I have also talked with the CA Board for Professional Engineers, Land Surveyors, and Geologists about a 90 year old Engineer stamping anything someone brings to him. Time to give it up....


----------



## Rick18071 (Jul 1, 2019)

About 10 years ago a senior man came in on a cane who is an certified architect came  and asked what I was reading. I said "the International Building Code".
He said "let me see it, I never saw one".

I hope he is retired by now.


----------



## Mark K (Jul 1, 2019)

I recognize that the favorite sport of plan checkers and inspectors is to bash architects and engineers.  Please note that architects and engineers could match you one for one with examples of plan checkers and inspectors that got it wrong.

I suggest that we should focus on the  question of whether the submission complies with the adopted regulations.


----------



## jar546 (Jul 1, 2019)

Mark K said:


> I recognize that the favorite sport of plan checkers and inspectors is to bash architects and engineers.  Please note that architects and engineers could match you one for one with examples of plan checkers and inspectors that got it wrong.
> 
> I suggest that we should focus on the  question of whether the submission complies with the adopted regulations.
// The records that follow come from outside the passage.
Lemma dsr_adj_svtx u v : dsr_adj u v -> is_svtx v = ~~ is_svtx u.
Proof. by case: u v => [i|j] [i'|j']. Qed.

Lemma dsr_label_lr i j : dsr_label (inl i) (inr j) = `|A i j|.
Proof.
rewrite /dsr_label /= mxE.
by have [->|_] := eqVneq (A i j) 0; rewrite ?normr0 //= eqxx.
Qed.

Lemma dsr_label_rl i j : dsr_label (inr j) (inl i) = `|A i j|.
Proof.
by rewrite /dsr_label /=; have [->|_] := eqVneq (A i j) 0; rewrite ?normr0.
Qed.

Lemma dsr_label_gt0 u v : dsr_adj u v -> 0 < dsr_label u v.
Proof.
case: u v => [i|j] [i'|j'] //.
  by rewrite dsr_adj_lr dsr_label_lr normr_gt0.
by rewrite dsr_adj_rl dsr_label_rl normr_gt0.
Qed.

Lemma dsr_weight_gt0 u v : dsr_adj u v -> 0 < dsr_weight u v.
Proof. by move/dsr_label_gt0; rewrite /dsr_weight; case: ifP; rewrite ?invr_gt0. Qed.

Lemma dsr_weight_flip u v : dsr_adj u v -> dsr_weight v u = (dsr_weight u v)^-1.
Proof.
case: u v => [i|j] [i'|j'] //= _.
  by rewrite /dsr_weight /= dsr_label_lr dsr_label_rl.
by rewrite /dsr_weight /= dsr_label_lr dsr_label_rl invrK.
Qed.

Section ClosedPath.
Variables (x : dsr_vtx n m) (s : seq (dsr_vtx n m)).
Hypothesis x_path : path dsr_adj x (rcons s x).

Lemma dsr_adj_nth t :
  (t <= size s)%N -> dsr_adj (nth x (x :: s) t) (nth x (rcons s x) t).
Proof.
move=> ts; have := pathP x x_path t.
by rewrite size_rcons ltnS ts -rcons_cons nth_rcons /= ltnS ts; apply.
Qed.

Lemma is_svtx_nth t : (t <= size s)%N -> is_svtx (nth x (x :: s) t) = is_svtx x (+) odd t.
Proof.
elim: t => [|t IH] ts; first by rewrite addbF.
have /dsr_adj_svtx := dsr_adj_nth (ltnW ts).
by rewrite nth_rcons ts /= => ->; rewrite IH ?(ltnW ts) // addbN.
Qed.

Hypothesis x_uniq : uniq (x :: s).

Let c (t : 'I_(size s).+1) : dsr_vtx n m := nth x (x :: s) t.

Lemma dsr_adj_ordS (t : 'I_(size s).+1) : dsr_adj (c t) (c (ordS t)).
Proof. by rewrite /c nth_ordS dsr_adj_nth // -ltnS. Qed.

Lemma dsr_cycle_nth : dsr_cycle A A^T c.
Proof.
split=> //; split=> [t1 t2 /eqP|t]; last exact: dsr_adj_ordS.
by rewrite /c nth_uniq // => /eqP /val_inj.
Qed.

Hypothesis A_steady : dsr_steady A A^T.

Lemma steady_closed_path_weight : walk_weight dsr_weight x (rcons s x) = 1.
Proof.
rewrite (walk_weight_nth _ x) size_rcons.
have [_ even_odd] := A_steady dsr_cycle_nth.
rewrite -[RHS](prodf_alternate_eq1 (is_svtx x) _ even_odd) => [|t]; last first.
  exact/dsr_label_gt0/dsr_adj_ordS.
apply: eq_bigr => t _; rewrite -rcons_cons nth_rcons /= ltn_ord -nth_ordS.
by rewrite /dsr_weight is_svtx_nth // -ltnS.
Qed.

End ClosedPath.

Lemma steady_unit_scaling : dsr_steady A A^T ->
  exists rho sig, unit_scaling A rho sig.
Proof.
move=> A_steady.
have cycle_weight x s : path dsr_adj x (rcons s x) -> uniq (rcons s x) ->
    walk_weight dsr_weight x (rcons s x) = 1.
  by rewrite rcons_uniq => x_path x_uniq; apply: steady_closed_path_weight.
pose p := potential dsr_weight dsr_adj_sym.
have p_gt0 y : 0 < p y := potential_gt0 dsr_adj_sym dsr_weight_gt0 y.
exists (fun i => p (inl i)), (fun j => (p (inr j))^-1); split=> // [j|i j nz].
  by rewrite invr_gt0.
have e_ij : dsr_adj (inl i) (inr j) by rewrite dsr_adj_lr.
rewrite /p (potential_edge dsr_adj_sym dsr_weight_flip cycle_weight e_ij) -/p.
rewrite /dsr_weight /= dsr_label_lr [X in X / _]mulrC divff //.
by rewrite mulf_neq0 ?gt_eqF ?normr_gt0.
Qed.

End SteadyScaling.

(** * Weighted column diagonal dominance *)

Definition col_dominant (R : numDomainType) k (M : 'M[R]_k) (rho : 'I_k -> R) : Prop :=
  (forall i, 0 < rho i) /\
  forall j, \sum_(i | i != j) `|M i j| * rho i <= M j j * rho j.

Lemma same_sign_mulr_norm (R : realDomainType) (x y : R) :
  y = 0 \/ Num.sg y = Num.sg x -> x * y = `|x| * `|y|.
Proof.
case=> [->|sg_yx]; first by rewrite !mulr0 normr0 mulr0.
by rewrite -normrM ger0_norm // -sgr_ge0 sgrM sg_yx -expr2 sqr_ge0.
Qed.

(* On the support of a column of a unit-scaled matrix the weighted entries
   [|A i k| rho i] all equal [sig k ^-1]. *)
Lemma unit_scaling_col_sum (R : numFieldType) n m (A : 'M[R]_(n, m)) rho sig
    (j : 'I_n) (k : 'I_m) :
  unit_scaling A rho sig -> (#|[set i | A i k != 0%R]| <= 2)%N -> A j k != 0 ->
  \sum_(i | i != j) `|A i k| * rho i <= `|A j k| * rho j.
Proof.
case=> _ sig_gt0 As col Ajk.
have supp_eq i : A i k != 0 -> `|A i k| * rho i = (sig k)^-1.
  move=> nz; apply: (mulIf (lt0r_neq0 (sig_gt0 k))).
  by rewrite As // mulVf ?gt_eqF.
rewrite supp_eq // (bigID (fun i => A i k != 0)) /=.
rewrite [X in _ + X]big1 ?addr0 => [|i /andP[_ /negPn/eqP->]]; last first.
  by rewrite normr0 mul0r.
rewrite (eq_bigr (fun _ => (sig k)^-1)) => [|i /andP[_]]; last exact: supp_eq.
rewrite (eq_bigl (mem ([set i | A i k != 0] :\ j))) => [|i]; last first.
  by rewrite !inE.
have : (#|[set i | A i k != 0%R] :\ j| <= 1)%N.
  by move: col; rewrite (cardsD1 j) inE Ajk.
rewrite sumr_const; case: #|_| => [|[|]] //= _; rewrite ?mulr1n //.
by rewrite invr_ge0 ltW.
Qed.

Lemma signQ0_tr (R : realType) p q (M N : 'M[R]_(p, q)) : signQ0 M N -> signQ0 M^T N^T.
Proof. by move=> MN j i; rewrite !mxE. Qed.

Lemma col_dominant_mulmx (R : realType) n m (A : 'M[R]_(n, m)) (B : 'M[R]_(m, n))
    rho sig :
  unit_scaling A rho sig -> (forall k, #|[set i | A i k != 0%R]| <= 2)%N ->
  signQ0 A^T B -> col_dominant (A *m B) rho.
Proof.
move=> As col sB; have [rho_gt0 _ _] := As; split=> // j.
have sB_j k : B k j = 0 \/ Num.sg (B k j) = Num.sg (A j k).
  by have := sB k j; rewrite mxE.
have col_bound k : `|B k j| * \sum_(i | i != j) `|A i k| * rho i
                    <= `|B k j| * (`|A j k| * rho j).
  have [->|Bnz] := eqVneq (B k j) 0; first by rewrite normr0 !mul0r.
  rewrite ler_wpM2l // (unit_scaling_col_sum As) // -sgr_eq0.
  by case: (sB_j k) => [/eqP|<-]; rewrite ?sgr_eq0 ?(negbTE Bnz).
have -> : (A *m B) j j * rho j = \sum_k `|B k j| * (`|A j k| * rho j).
  rewrite mxE mulr_suml; apply: eq_bigr => k _.
  by rewrite (same_sign_mulr_norm (sB_j k)) mulrCA mulrA.
apply: le_trans (ler_sum _ (fun k _ => col_bound k)).
under [X in _ <= X]eq_bigr => k _ do rewrite mulr_sumr.
rewrite exchange_big /=; apply: ler_sum => i _.
rewrite mxE; apply: le_trans (ler_wpM2r (ltW (rho_gt0 i)) (ler_norm_sum _ _ _)) _.
rewrite mulr_suml; apply: ler_sum => k _.
by rewrite normrM mulrAC mulrC mulrA.
Qed.

Section Gershgorin.
Variable R : rcfType.
Local Open Scope complex_scope.

Lemma Re_ge0_of_norm_subr_le (z : R[i]) (d : R) :
  `|z - d%:C| <= d%:C -> 0 <= complex.Re z.
Proof.
move=> /(le_trans (normc_ge_Re _)); rewrite lecR.
by case: z => a b /=; rewrite ler_norml lerBrDr addNr => /andP[].
Qed.
Lemma measurable_op_gt f g st : F01 f -> F01 g -> cont_nondecr_op st ->
  forall w, measurable [set x | w < st (f x) (g x)].
Proof.
move=> [mf uf] [mg ug] [_ stm stc] w.
(* By continuity and monotonicity of st, w < st (f x) (g x) iff w < st r r' for
   some rational point (r, r') of the unit square below (f x, g x). *)
have mP (P : Prop) : measurable [set _ : X | P].
  by case: (pselect P) => p;
    [rewrite (_ : [set _ | P] = setT) | rewrite (_ : [set _ | P] = set0)]; rewrite ?predeqE.
rewrite (_ : [set x | _] = \bigcup_(r : rat) \bigcup_(r' : rat)
    ([set _ | [/\ unit_int (ratr r : R), unit_int (ratr r' : R) & w < st (ratr r) (ratr r')]]
     `&` ([set x | ratr r <= f x] `&` [set x | ratr r' <= g x]))).
  apply: bigcupT_measurable_rat => r; apply: bigcupT_measurable_rat => r'.
  by apply: measurableI; [exact: mP | apply: measurableI; exact: measurable_fun_ge].
apply/seteqP; split => x /=; last first.
  move=> [r _ [r' _ [[ur ur' wr] [rf rg]]]].
  exact: lt_le_trans wr (stm _ _ _ _ ur (uf x) ur' (ug x) rf rg).
move=> wx; have [e e0 near_fg] := continuous_unit_square_dist stc (uf x) (ug x)
  (ltac:(by rewrite subr_gt0) : 0 < st (f x) (g x) - w).
have [r [ur rf fr]] := ratr_unit_approx (uf x) e0.
have [r' [ur' rg gr]] := ratr_unit_approx (ug x) e0.
exists r => //; exists r' => //; split => //; split => //.
have fr' : `|f x - ratr r| < e by rewrite ger0_norm ?subr_ge0.
have gr' : `|g x - ratr r'| < e by rewrite ger0_norm ?subr_ge0.
have := near_fg _ _ ur ur' fr' gr'.
by rewrite ltr_norml => /andP[_]; lra.
Qed.

End Measurability.

Section LevelSets.
Variables (R : realType) (d : measure_display) (X : measurableType d).

Lemma powR_level_set (k : X -> R) e t : 0 < e -> 0 <= t -> (forall x, 0 <= k x) ->
  [set x | t <= k x `^ e] = [set x | t `^ e^-1 <= k x].
Proof.
move=> e0 t0 k0; apply/seteqP; split => x /=.
  by rewrite -{1}(powRVK e0 t0) ler_powR2 ?powR_ge0.
by rewrite -{2}(powRVK e0 t0) ler_powR2 ?powR_ge0.
Qed.

Lemma comonotone_level_sets_nested (f g : X -> R) a b : comonotone f g ->
  [set x | a <= f x] `<=` [set x | b <= g x] \/ [set x | b <= g x] `<=` [set x | a <= f x].
Proof.
move=> co; have [[x [fx gx]]|nex] := pselect (exists x, a <= f x /\ ~ (b <= g x)).
  right => y /= gy; have gxy : g x < g y by apply: lt_le_trans gy; rewrite ltNge; apply/negP.
  by apply: (le_trans fx); have := co x y; nra.
by left => x /= fx; apply: contrapT => gx; apply: nex; exists x.
Qed.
I would not say it is a favorite sport, more like a least favorite as it causes more work.  I would like you to read my original post that started this thread as I discussed issues on both sides.  I just red-lined a set of plans for a high rise renovation that was listed on the prints as Type V construction and the 11th floor slab they are working on was described as 'slab on grade.'  Yes, there is a reason we have to check these.  There is a big difference between doing work penetrating a slab on grade and a post-tension slab so all of this information is crucial and needs to be right.


----------



## ADAguy (Jul 3, 2019)

Consider jar that we are in an age of loss of institutional memory and with it loss of the availability of  "peer" reviewers in both the public and private sectors or your example shouldn't have happened. NCARB  has "dumbed down" the exam to 6 sections from 9, and allows non-architectural majors with masters in Arch to qualify as a professional degree eligible to take the exam? These issues together with past recessions and retirements has deleted the pool so to speak. A few of us on the Forum represent those remaining, we can't be cloned unfortunately. The number of new firms and licenses issued since the 70's has further increased the demand for the services of the few of us remaining.
Unfortunately these comments will only continue. Law of deminishing returns?


----------



## tmurray (Jul 3, 2019)

Ty J. said:


> Negligence is a strong word to use, but what else do you call it? Anyone here ever turn anything over to a State Licensing Board?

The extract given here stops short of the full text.